The Opportunities that this Technology offers in Albania Payment systems and payment methods are areas where a comprehensive transformation has been happening for years and will continue to happen, driven by the demands and needs of a more connected and interactive world, as well as

 

the opportunities offered by technological development. Since cryptocurrency is now relatively widely used, the need for legal regulation has arisen. Albania is among the first countries to have adopted a law regulating the cryptocurrency market. On May 20, 2020, Law No. 66/2020 "For financial markets based on distributed ledger technology", otherwise known as the "law on cryptocurrency", making Albania the 3rd country in Europe for the official legalization of cryptocurrency. At first glance, the law seems quite detailed, although it has received many criticisms, characterizing it as a hasty and ill-considered decision-making with the argument that Albania, as a whole of its economic elements, is not yet ready and prepared for cryptocurrency. Law No. 66/2020 aims to regulate the issuance of digital and/or virtual currencies, the licensing, monitoring and supervision of entities operating in the activity of distribution, trading and storage of these currencies, digital currency agents, innovative service providers and automated enterprises to collective investments.
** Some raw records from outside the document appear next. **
(* Let $\sigma>1$ and $a>0$ with $\sigma e^{-a}>1$. Define a sequence $(\rho^*_k)_{k\ge0}$ by the recurrence $$\rho^*_0=\frac{\sigma e^{-a}-1}{\sigma-1},\qquad \rho^*_k=\frac{e^{-a}}{(\sigma-1)\rho^*_0+1-e^{-a}}\Big(\sigma\frac{a^k}{k!}\rho^*_0+\sum_{l=1}^{k-1}\frac{a^{k-l}}{(k-l)!}\rho^*_l\Big),\quad k\ge1.$$ Then its generating function is $\sum_{k\ge0}\rho^*_kX^k=(\sigma e^{-a}-1)\dfrac{e^{aX}}{\sigma-e^{aX}}$, and for every $k\ge0$ $$\rho^*_k=(\sigma e^{-a}-1)\frac{a^k}{k!}\sum_{i\ge1}\frac{i^k}{\sigma^i}.$$ Moreover $\sum_{k\ge0}\rho^*_k=1$, so $(\rho^*_k)_{k\ge0}$ is a probability distribution on $\mathbb N$, whose expectation and variance are $$\frac{\sigma a e^{-a}}{\sigma e^{-a}-1}\qquad\text{and}\qquad \frac{\sigma a e^{-a}(\sigma e^{-a}+a-1)}{(\sigma e^{-a}-1)^2}.$$ *)

From Stdlib Require Import Reals Lra Lia Arith Factorial.
Open Scope R_scope.

Definition rho0 (sigma a : R) : R := (sigma * exp (- a) - 1) / (sigma - 1).

(* rho_aux n : a function that is correct (equal to rho*_j) for all j <= n. *)
Fixpoint rho_aux (sigma a : R) (n : nat) : nat -> R :=
  match n with
  | O => fun _ => rho0 sigma a
  | S m =>
      let prev := rho_aux sigma a m in
      let k := S m in
      let newv :=
        exp (- a) / ((sigma - 1) * rho0 sigma a + 1 - exp (- a)) *
        (sigma * (a ^ k / INR (fact k)) * rho0 sigma a
         + sum_f_R0 (fun l => if (1 <=? l)%nat
                              then a ^ (k - l) / INR (fact (k - l)) * prev l
                              else 0) (k - 1)) in
      fun j => if (j <=? m)%nat then prev j else newv
  end.

Definition rho (sigma a : R) (k : nat) : R := rho_aux sigma a k k.

(* Write e_k = a^k/k!, c = sigma e^{-a} - 1 and s_k = sum_{i >= 1} i^k / sigma^i.

   1. Unfolding the recurrence, rho* solves the convolution identity
        sigma u_k - sum_{l <= k} u_l e_{k-l} = c e_k        (k >= 0),
      whose k-th instance determines u_k from u_0, ..., u_{k-1} since sigma <> 1.
   2. The binomial theorem gives sum_{l <= k} C(k,l) s_l = sigma s_k - 1, so the
      closed formula t_k = c e_k s_k solves the same identity; hence rho*_k = t_k,
      and in particular rho*_k >= 0.
   3. From i^k <= k!/r^k e^{ri} we get s_k <= (k!/r^k) q/(1-q) with q = e^r/sigma,
      so sum rho*_k x^k converges for |x| < ln sigma / a.  There, the Cauchy
      product with the exponential series turns the convolution identity into
      F (sigma - e^{ax}) = c e^{ax}, which is the generating function.
   4. The hypothesis sigma e^{-a} > 1 puts x = 1 inside the disc.  Evaluating the
      generating function and its first two derivatives at 1 gives the total
      mass, the mean and the second factorial moment, hence the variance. *)

From Stdlib Require Import Reals Lra Lia Arith Factorial.
From Coquelicot Require Import Coquelicot.
Open Scope R_scope.

Definition exp_coef (a : R) (k : nat) : R := a ^ k / INR (fact k).

(* e_0 = 1: the diagonal term of the convolution is u_k itself. *)
Lemma exp_coef_0 (a : R) : exp_coef a 0 = 1.
Proof. unfold exp_coef. simpl. field. Qed.

Definition solves_convolution (sigma c a : R) (u : nat -> R) : Prop :=
  forall k : nat,
    sigma * u k - sum_f_R0 (fun l => u l * exp_coef a (k - l)) k = c * exp_coef a k.

(* For sigma <> 1 the identity determines u: its k-th instance reads
   (sigma - 1) u_k = c e_k + (terms in u_l, l < k). *)
Lemma convolution_unique (sigma c a : R) (u v : nat -> R) :
  sigma <> 1 -> solves_convolution sigma c a u -> solves_convolution sigma c a v ->
  forall k, u k = v k.
Proof.
  intros Hs Hu Hv k. induction k as [k IH] using (well_founded_induction lt_wf).
  assert (E := eq_trans (Hu k) (eq_sym (Hv k))).
  assert (Hs1 : sigma - 1 <> 0) by lra.
  destruct k as [|m].
  - cbn [sum_f_R0] in E. rewrite Nat.sub_diag, exp_coef_0 in E.
    apply (Rmult_eq_reg_l (sigma - 1)); [lra | exact Hs1].
  - rewrite !tech5, Nat.sub_diag, exp_coef_0 in E.
    rewrite (sum_eq (fun l => u l * _) (fun l => v l * exp_coef a (S m - l))) in E
      by (intros l Hl; rewrite IH by lia; reflexivity).
    apply (Rmult_eq_reg_l (sigma - 1)); [lra | exact Hs1].
Qed.

Lemma rho_aux_succ_le (sigma a : R) (m j : nat) :
  (j <= m)%nat -> rho_aux sigma a (S m) j = rho_aux sigma a m j.
Proof. intros Hj. cbn [rho_aux]. apply Nat.leb_le in Hj. now rewrite Hj. Qed.

Lemma rho_aux_rho (sigma a : R) (n j : nat) :
  (j <= n)%nat -> rho_aux sigma a n j = rho sigma a j.
Proof.
  induction n as [|n IH]; intros Hj.
  - now replace j with 0%nat by lia.
  - destruct (Nat.eq_dec j (S n)) as [-> | Hne]; [reflexivity|].
    rewrite rho_aux_succ_le by lia. apply IH. lia.
Qed.

(* The recurrence of the paper for rho*_{m+1}, the sum over 1 <= l <= m being
   written as the full sum over l <= m minus its l = 0 term. *)
Lemma rho_succ (sigma a : R) (m : nat) :
  rho sigma a (S m) =
  exp (- a) / ((sigma - 1) * rho0 sigma a + 1 - exp (- a)) *
  (sigma * exp_coef a (S m) * rho0 sigma a
   + (sum_f_R0 (fun l => rho sigma a l * exp_coef a (S m - l)) m
      - exp_coef a (S m) * rho0 sigma a)).
Proof.
  unfold rho at 1. cbn [rho_aux].
  replace (S m <=? m)%nat with false by (symmetry; apply Nat.leb_gt; lia).
  replace (S m - 1)%nat with m by lia.
  set (g l := rho sigma a l * exp_coef a (S m - l)).
  assert (Hguard : forall n, sum_f_R0 (fun l => if (1 <=? l)%nat then g l else 0) n
                             = sum_f_R0 g n - g 0%nat).
  { induction n as [|n IH]; [simpl; lra|].
    rewrite !tech5, IH. simpl (1 <=? S n)%nat. lra. }
  rewrite <- (sum_eq (fun l => if (1 <=? l)%nat then g l else 0)).
  - rewrite Hguard. unfold g. rewrite Nat.sub_0_r.
    change (rho sigma a 0) with (rho0 sigma a). unfold exp_coef. ring.
  - intros l Hl. unfold g, exp_coef. destruct (1 <=? l)%nat; [|reflexivity].
    rewrite rho_aux_rho by exact Hl. ring.
Qed.

Lemma rho_solves_convolution (sigma a : R) :
  1 < sigma -> solves_convolution sigma (sigma * exp (- a) - 1) a (rho sigma a).
Proof.
  intros Hs k. assert (He := exp_pos (- a)).
  assert (Hden : (sigma - 1) * rho0 sigma a + 1 - exp (- a) = (sigma - 1) * exp (- a))
    by (unfold rho0; field; lra).
  destruct k as [|m].
  - cbn [sum_f_R0]. rewrite Nat.sub_diag, exp_coef_0.
    change (rho sigma a 0) with (rho0 sigma a). unfold rho0. field. lra.
  - rewrite tech5, Nat.sub_diag, exp_coef_0, rho_succ, Hden.
    change (rho sigma a 0) with (rho0 sigma a).
    unfold rho0. field. lra.
Qed.

Lemma is_series_Rscal (c : R) (u : nat -> R) (l : R) :
  is_series u l -> is_series (fun n => c * u n) (c * l).
Proof. intros H. exact (is_series_scal_l c u l H). Qed.

Lemma is_series_Rplus (u v : nat -> R) (l m : R) :
  is_series u l -> is_series v m -> is_series (fun n => u n + v n) (l + m).
Proof. intros Hu Hv. exact (is_series_plus u v l m Hu Hv). Qed.

Lemma is_series_Rminus (u v : nat -> R) (l m : R) :
  is_series u l -> is_series v m -> is_series (fun n => u n - v n) (l - m).
Proof. intros Hu Hv. exact (is_series_minus u v l m Hu Hv). Qed.

Lemma is_series_Rext (u v : nat -> R) (l : R) :
  (forall n, u n = v n) -> is_series u l -> is_series v l.
Proof. intros E H. exact (is_series_ext u v l E H). Qed.

Lemma is_series_sum_f_R0 (f : nat -> nat -> R) (L : nat -> R) (k : nat) :
  (forall l, (l <= k)%nat -> is_series (f l) (L l)) ->
  is_series (fun i => sum_f_R0 (fun l => f l i) k) (sum_f_R0 L k).
Proof.
  induction k as [|k IH]; intros H; simpl.
  - apply H. lia.
  - apply is_series_Rplus; [apply IH; intros l Hl|]; apply H; lia.
Qed.

Lemma exp_coef_nonneg (a : R) (k : nat) : 0 <= a -> 0 <= exp_coef a k.
Proof.
  intros Ha. unfold exp_coef. apply Rmult_le_pos; [now apply pow_le|].
  apply Rlt_le, Rinv_0_lt_compat, INR_fact_lt_0.
Qed.

Lemma exp_coef_le_exp (z : R) (k : nat) : 0 <= z -> exp_coef z k <= exp z.
Proof.
  intros Hz. apply Rle_trans with (sum_f_R0 (exp_coef z) k); [|exact (exp_ge_taylor z k Hz)].
  destruct k as [|k]; [simpl; lra|].
  rewrite tech5. assert (0 <= sum_f_R0 (exp_coef z) k); [|lra].
  apply cond_pos_sum. intros n. now apply exp_coef_nonneg.
Qed.

Lemma pow_le_exp (r y : R) (k : nat) :
  0 < r -> 0 <= y -> y ^ k <= INR (fact k) / r ^ k * exp (r * y).
Proof.
  intros Hr Hy.
  assert (H := exp_coef_le_exp (r * y) k ltac:(apply Rmult_le_pos; lra)).
  unfold exp_coef in H. rewrite Rpow_mult_distr in H.
  assert (Hf := INR_fact_lt_0 k). assert (Hrk : 0 < r ^ k) by (apply pow_lt; lra).
  replace (y ^ k) with (r ^ k * y ^ k / INR (fact k) * (INR (fact k) / r ^ k))
    by (field; lra).
  rewrite (Rmult_comm (INR (fact k) / r ^ k)).
  apply Rmult_le_compat_r; [|exact H].
  apply Rlt_le, Rdiv_lt_0_compat; lra.
Qed.

(* The terms (i+1)^k / sigma^(i+1) of s_k = sum_{i >= 1} i^k / sigma^i. *)
Definition pow_geom_term (sigma : R) (k i : nat) : R := INR (S i) ^ k / sigma ^ S i.

(* s_k itself (a meaningful value once the series is shown to converge). *)
Definition pow_geom_sum (sigma : R) (k : nat) : R := Series (pow_geom_term sigma k).

Lemma pow_geom_term_nonneg (sigma : R) (k i : nat) : 0 < sigma -> 0 <= pow_geom_term sigma k i.
Proof.
  intros Hs. unfold pow_geom_term. apply Rmult_le_pos; [apply pow_le, pos_INR|].
  apply Rlt_le, Rinv_0_lt_compat, pow_lt; lra.
Qed.

Lemma exp_pow (r : R) (n : nat) : exp r ^ n = exp (INR n * r).
Proof.
  rewrite <- (exp_ln (exp r ^ n)) by (apply pow_lt, exp_pos).
  now rewrite ln_pow, ln_exp by apply exp_pos.
Qed.

Lemma pow_geom_term_bound (sigma r : R) (k i : nat) : 0 < r -> 0 < sigma ->
  pow_geom_term sigma k i <= INR (fact k) / r ^ k * (exp r / sigma) ^ S i.
Proof.
  intros Hr Hs. unfold pow_geom_term, Rdiv at 3.
  rewrite Rpow_mult_distr, pow_inv, exp_pow.
  assert (H := pow_le_exp r (INR (S i)) k Hr (pos_INR _)).
  rewrite (Rmult_comm r) in H.
  replace (INR (fact k) / r ^ k * (exp (INR (S i) * r) * / sigma ^ S i))
    with (INR (fact k) / r ^ k * exp (INR (S i) * r) * / sigma ^ S i) by ring.
  apply Rmult_le_compat_r; [apply Rlt_le, Rinv_0_lt_compat, pow_lt; lra | exact H].
Qed.

Lemma pow_geom_sum_bound (sigma r : R) (k : nat) : 0 < r -> exp r < sigma ->
  ex_series (pow_geom_term sigma k) /\
  pow_geom_sum sigma k
    <= INR (fact k) / r ^ k * ((exp r / sigma) / (1 - exp r / sigma)).
Proof.
  intros Hr Hrs. assert (He := exp_pos r).
  set (q := exp r / sigma).
  assert (Hq : 0 < q < 1).
  { unfold q. split; [apply Rdiv_lt_0_compat; lra|].
    apply (Rmult_lt_reg_r sigma); [lra|]. field_simplify; lra. }
  assert (Hgeom : is_series (fun i => INR (fact k) / r ^ k * q ^ S i)
                    (INR (fact k) / r ^ k * (q / (1 - q)))).
  { apply is_series_Rscal.
    apply (is_series_Rext (fun i => q * q ^ i)); [reflexivity|].
    apply (is_series_Rscal q), is_series_geom. rewrite Rabs_pos_eq; lra. }
  assert (Hdom : forall i, 0 <= pow_geom_term sigma k i <= INR (fact k) / r ^ k * q ^ S i).
  { intros i. split; [apply pow_geom_term_nonneg; lra|].
    apply pow_geom_term_bound; lra. }
  assert (Hex : ex_series (pow_geom_term sigma k)).
  { apply (ex_series_le (pow_geom_term sigma k) (fun i => INR (fact k) / r ^ k * q ^ S i));
      [|eexists; exact Hgeom].
    intros i. change (norm (pow_geom_term sigma k i)) with (Rabs (pow_geom_term sigma k i)).
    rewrite Rabs_pos_eq; apply Hdom. }
  split; [exact Hex|].
  rewrite <- (is_series_unique _ _ Hgeom).
  apply Series_le; [exact Hdom | eexists; exact Hgeom].
Qed.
Digital currency technology has the potential to bring great changes and advantages to Albania's economy. The implementation of technology will affect the minimization of liquidity and credit risk. Here are some opportunities that digital currency technology can bring to Albania:

Easier movement of funds: Through digital currency, financial transactions can be done easily and quickly. This would help reduce the cost and time of international and interbank transactions.

The remittance sector: In a massive market with a flow of around 2 billion euros per year, it is the first to be positively affected by this new development. In the field of remittances, transferring money to other countries through traditional channels often has high costs, complicated procedures, and the time required to complete transactions can be long. Blockchain technology can provide solutions to these challenges.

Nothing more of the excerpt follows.